• ASSIGNMENT
Each line below must be set down exactly as it stands.

• GIVEN RECORDS
(* Let $\sigma,\eta>0$ and $\mathscr{C}$ be a family of balls as in the context. There exists a constant $C=C(\mathscr{C})>0$ such that $|B|^{1/3}\le C(1+|x_B|)$ for all $B\in\mathscr{C}$.
   Context: Cover: for constants $\sigma,\eta>0$, $\mathscr{C}$ is a family of closed balls in $\mathbb{R}^3$ with $\bigcup_{B\in\mathscr{C}}B=\mathbb{R}^3$ and $|B|\geq 4\pi/3$ for all $B\in\mathscr{C}$, such that (i) each ball in $\mathscr{C}$ intersects at most $\sigma$ balls in $\mathscr{C}$, and (ii) if $B,B'\in\mathscr{C}$ intersect then $\eta^{-1}\le |B|^{1/3}/|B'|^{1/3}\le\eta$. Here $|B|$ is the volume and $x_B$ the center of $B$. *)

From HB Require Import structures.
From mathcomp Require Import all_boot all_order all_algebra.
From mathcomp Require Import all_classical all_reals all_analysis.
Set Implicit Arguments. Unset Strict Implicit. Unset Printing Implicit Defensive.
Import Order.TTheory GRing.Theory Num.Theory.
Local Open Scope ring_scope.
Local Open Scope classical_set_scope.

Definition point (R : realType) := 'rV[R]_3.

Definition enorm (R : realType) (x : point R) : R :=
  Num.sqrt (\sum_(i < 3) (x ord0 i) ^+ 2).

Definition ball3 (R : realType) := (point R * R)%type.

Definition bcenter (R : realType) (B : ball3 R) : point R := B.1.
Definition bradius (R : realType) (B : ball3 R) : R := B.2.

Definition cball (R : realType) (B : ball3 R) : set (point R) :=
  [set y | enorm (y - bcenter B) <= bradius B].

Definition vol (R : realType) (B : ball3 R) : R :=
  4 / 3 * pi * bradius B ^+ 3.

Definition intersect (R : realType) (B B' : ball3 R) : Prop :=
  cball B `&` cball B' !=set0.

Definition is_cover (R : realType) (sigma eta : R) (C : set (ball3 R)) : Prop :=
  (forall B, C B -> 0 < bradius B) /\
  (forall y : point R, exists2 B, C B & cball B y) /\
  (forall B, C B -> 4 / 3 * pi <= vol B) /\
  (* (i) each ball in C intersects at most sigma balls in C *)
  (forall B, C B -> forall s : seq (ball3 R), uniq s ->
      (forall B', B' \in s -> C B' /\ intersect B B') -> (size s)%:R <= sigma) /\
  (* (ii) neighbouring balls have comparable size *)
  (forall B B', C B -> C B' -> intersect B B' ->
      eta^-1 <= vol B `^ (3^-1) / vol B' `^ (3^-1) <= eta).

From Pilot Require Import Defs.
From HB Require Import structures.
From mathcomp Require Import all_boot all_order all_algebra.
From mathcomp Require Import all_classical all_reals all_analysis.
From mathcomp Require Import lra.
Import Order.TTheory GRing.Theory Num.Theory.
Local Open Scope ring_scope.

(* Fix a ball B0 of the cover containing the origin. A ball B of the cover
   either contains the origin, and then it meets B0, so that condition (ii)
   gives |B|^(1/3) <= eta |B0|^(1/3); or it does not, and then its radius is
   less than |x_B|, while |B|^(1/3) <= 2 r_B since 4 pi / 3 <= 8. *)

Section BallVolumes.
Set Implicit Arguments.
Unset Strict Implicit.
Variable R : realType.

Lemma powR_invSn_le (x y : R) (n : nat) :
  0 <= x -> 0 <= y -> x <= y ^+ n.+1 -> x `^ (n.+1%:R)^-1 <= y.
Proof.
move=> x_ge0 y_ge0 le_xy.
have -> : y = (y ^+ n.+1) `^ (n.+1%:R)^-1.
  by rewrite -powR_mulrn // -powRrM mulfV ?powRr1.
by apply: ge0_ler_powR; rewrite // ?nnegrE ?invr_ge0 ?exprn_ge0.
Qed.

Lemma pi_lt4 : pi < 4 :> R.
Proof. by have := @pihalf_lt2 R; rewrite ltr_pdivrMr //; lra. Qed.

Lemma enormN (x : Defs.point R) : enorm (- x) = enorm x.
Proof.
by rewrite /enorm; congr Num.sqrt; apply: eq_bigr => i _; rewrite !mxE sqrrN.
Qed.

Lemma cball0 (B : ball3 R) : cball B 0 = (enorm (bcenter B) <= bradius B).
Proof. by rewrite /cball /= sub0r enormN. Qed.

Lemma vol_gt0 (B : ball3 R) : 0 < bradius B -> 0 < vol B.
Proof. by move=> r_gt0; rewrite /vol !mulr_gt0 ?pi_gt0 ?exprn_gt0. Qed.

Lemma vol_root_le (B : ball3 R) :
  0 <= bradius B -> vol B `^ 3^-1 <= 2 * bradius B.
Proof.
move=> r_ge0; apply: powR_invSn_le; rewrite ?mulr_ge0 ?pi_ge0 ?exprn_ge0 //.
rewrite /vol exprMn ler_wpM2r ?exprn_ge0 //.
by have := pi_lt4; lra.
Qed.

Lemma cover_vol_root_le (sigma eta : R) (C : set (ball3 R)) (B B' : ball3 R) :
  is_cover sigma eta C -> C B -> C B' -> intersect B B' ->
  vol B `^ 3^-1 <= eta * vol B' `^ 3^-1.
Proof.
move=> [r_gt0 [_ [_ [_ comparable]]]] CB CB' meet.
have /andP[_] := comparable B B' CB CB' meet.
by rewrite ler_pdivrMr // powR_gt0 // vol_gt0 // r_gt0.
Qed.

End BallVolumes.

Theorem corollary3p3 (R : realType) (sigma eta : R) (C : set (ball3 R)) :
  0 < sigma -> 0 < eta -> is_cover sigma eta C ->
  exists2 K : R, 0 < K &
    forall B, C B -> vol B `^ (3^-1) <= K * (1 + enorm (bcenter B)).
Proof.
move=> _ _ coverC; have [r_gt0 [covers _]] := coverC.
have [B0 CB0 B0_0] := covers 0.
set K := Num.max (eta * vol B0 `^ 3^-1) 2.
have K_ge2 : 2 <= K by rewrite le_max lexx orbT.
have K_ge : eta * vol B0 `^ 3^-1 <= K by rewrite le_max lexx.
exists K => [|B CB]; first by apply: lt_le_trans K_ge2.
have x_ge0 : 0 <= enorm (bcenter B) by apply: sqrtr_ge0.
have [B_0 | far] := leP (enorm (bcenter B)) (bradius B).
  have meet : intersect B B0 by exists 0; split; rewrite // cball0.
  apply: (le_trans (cover_vol_root_le coverC CB CB0 meet)).
  by apply: (le_trans K_ge); nra.
apply: (le_trans (vol_root_le (ltW (r_gt0 B CB)))); nra.
Qed.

• OUTPUT FOR THIS TASK
(* Let $\sigma,\eta>0$ and $\mathscr{C}$ be a family of balls as in the context. There exists a constant $C=C(\mathscr{C})>0$ such that $|B|^{1/3}\le C(1+|x_B|)$ for all $B\in\mathscr{C}$.
   Context: Cover: for constants $\sigma,\eta>0$, $\mathscr{C}$ is a family of closed balls in $\mathbb{R}^3$ with $\bigcup_{B\in\mathscr{C}}B=\mathbb{R}^3$ and $|B|\geq 4\pi/3$ for all $B\in\mathscr{C}$, such that (i) each ball in $\mathscr{C}$ intersects at most $\sigma$ balls in $\mathscr{C}$, and (ii) if $B,B'\in\mathscr{C}$ intersect then $\eta^{-1}\le |B|^{1/3}/|B'|^{1/3}\le\eta$. Here $|B|$ is the volume and $x_B$ the center of $B$. *)

From HB Require Import structures.
From mathcomp Require Import all_boot all_order all_algebra.
From mathcomp Require Import all_classical all_reals all_analysis.
Set Implicit Arguments. Unset Strict Implicit. Unset Printing Implicit Defensive.
Import Order.TTheory GRing.Theory Num.Theory.
Local Open Scope ring_scope.
Local Open Scope classical_set_scope.

Definition point (R : realType) := 'rV[R]_3.

Definition enorm (R : realType) (x : point R) : R :=
  Num.sqrt (\sum_(i < 3) (x ord0 i) ^+ 2).

Definition ball3 (R : realType) := (point R * R)%type.

Definition bcenter (R : realType) (B : ball3 R) : point R := B.1.
Definition bradius (R : realType) (B : ball3 R) : R := B.2.

Definition cball (R : realType) (B : ball3 R) : set (point R) :=
  [set y | enorm (y - bcenter B) <= bradius B].

Definition vol (R : realType) (B : ball3 R) : R :=
  4 / 3 * pi * bradius B ^+ 3.

Definition intersect (R : realType) (B B' : ball3 R) : Prop :=
  cball B `&` cball B' !=set0.

Definition is_cover (R : realType) (sigma eta : R) (C : set (ball3 R)) : Prop :=
  (forall B, C B -> 0 < bradius B) /\
  (forall y : point R, exists2 B, C B & cball B y) /\
  (forall B, C B -> 4 / 3 * pi <= vol B) /\
  (* (i) each ball in C intersects at most sigma balls in C *)
  (forall B, C B -> forall s : seq (ball3 R), uniq s ->
      (forall B', B' \in s -> C B' /\ intersect B B') -> (size s)%:R <= sigma) /\
  (* (ii) neighbouring balls have comparable size *)
  (forall B B', C B -> C B' -> intersect B B' ->
      eta^-1 <= vol B `^ (3^-1) / vol B' `^ (3^-1) <= eta).

From Pilot Require Import Defs.
From HB Require Import structures.
From mathcomp Require Import all_boot all_order all_algebra.
From mathcomp Require Import all_classical all_reals all_analysis.
From mathcomp Require Import lra.
Import Order.TTheory GRing.Theory Num.Theory.
Local Open Scope ring_scope.

(* Fix a ball B0 of the cover containing the origin. A ball B of the cover
   either contains the origin, and then it meets B0, so that condition (ii)
   gives |B|^(1/3) <= eta |B0|^(1/3); or it does not, and then its radius is
   less than |x_B|, while |B|^(1/3) <= 2 r_B since 4 pi / 3 <= 8. *)

Section BallVolumes.
Set Implicit Arguments.
Unset Strict Implicit.
Variable R : realType.

Lemma powR_invSn_le (x y : R) (n : nat) :
  0 <= x -> 0 <= y -> x <= y ^+ n.+1 -> x `^ (n.+1%:R)^-1 <= y.
Proof.
move=> x_ge0 y_ge0 le_xy.
have -> : y = (y ^+ n.+1) `^ (n.+1%:R)^-1.
  by rewrite -powR_mulrn // -powRrM mulfV ?powRr1.
by apply: ge0_ler_powR; rewrite // ?nnegrE ?invr_ge0 ?exprn_ge0.
Qed.

Lemma pi_lt4 : pi < 4 :> R.
Proof. by have := @pihalf_lt2 R; rewrite ltr_pdivrMr //; lra. Qed.

Lemma enormN (x : Defs.point R) : enorm (- x) = enorm x.
Proof.
by rewrite /enorm; congr Num.sqrt; apply: eq_bigr => i _; rewrite !mxE sqrrN.
Qed.

Lemma cball0 (B : ball3 R) : cball B 0 = (enorm (bcenter B) <= bradius B).
Proof. by rewrite /cball /= sub0r enormN. Qed.

Lemma vol_gt0 (B : ball3 R) : 0 < bradius B -> 0 < vol B.
Proof. by move=> r_gt0; rewrite /vol !mulr_gt0 ?pi_gt0 ?exprn_gt0. Qed.

Lemma vol_root_le (B : ball3 R) :
  0 <= bradius B -> vol B `^ 3^-1 <= 2 * bradius B.
Proof.
move=> r_ge0; apply: powR_invSn_le; rewrite ?mulr_ge0 ?pi_ge0 ?exprn_ge0 //.
rewrite /vol exprMn ler_wpM2r ?exprn_ge0 //.
by have := pi_lt4; lra.
Qed.

Lemma cover_vol_root_le (sigma eta : R) (C : set (ball3 R)) (B B' : ball3 R) :
  is_cover sigma eta C -> C B -> C B' -> intersect B B' ->
  vol B `^ 3^-1 <= eta * vol B' `^ 3^-1.
Proof.
move=> [r_gt0 [_ [_ [_ comparable]]]] CB CB' meet.
have /andP[_] := comparable B B' CB CB' meet.
by rewrite ler_pdivrMr // powR_gt0 // vol_gt0 // r_gt0.
Qed.

End BallVolumes.

Theorem corollary3p3 (R : realType) (sigma eta : R) (C : set (ball3 R)) :
  0 < sigma -> 0 < eta -> is_cover sigma eta C ->
  exists2 K : R, 0 < K &
    forall B, C B -> vol B `^ (3^-1) <= K * (1 + enorm (bcenter B)).
Proof.
move=> _ _ coverC; have [r_gt0 [covers _]] := coverC.
have [B0 CB0 B0_0] := covers 0.
set K := Num.max (eta * vol B0 `^ 3^-1) 2.
have K_ge2 : 2 <= K by rewrite le_max lexx orbT.
have K_ge : eta * vol B0 `^ 3^-1 <= K by rewrite le_max lexx.
exists K => [|B CB]; first by apply: lt_le_trans K_ge2.
have x_ge0 : 0 <= enorm (bcenter B) by apply: sqrtr_ge0.
have [B_0 | far] := leP (enorm (bcenter B)) (bradius B).
  have meet : intersect B B0 by exists 0; split; rewrite // cball0.
  apply: (le_trans (cover_vol_root_le coverC CB CB0 meet)).
  by apply: (le_trans K_ge); nra.
apply: (le_trans (vol_root_le (ltW (r_gt0 B CB)))); nra.
Qed.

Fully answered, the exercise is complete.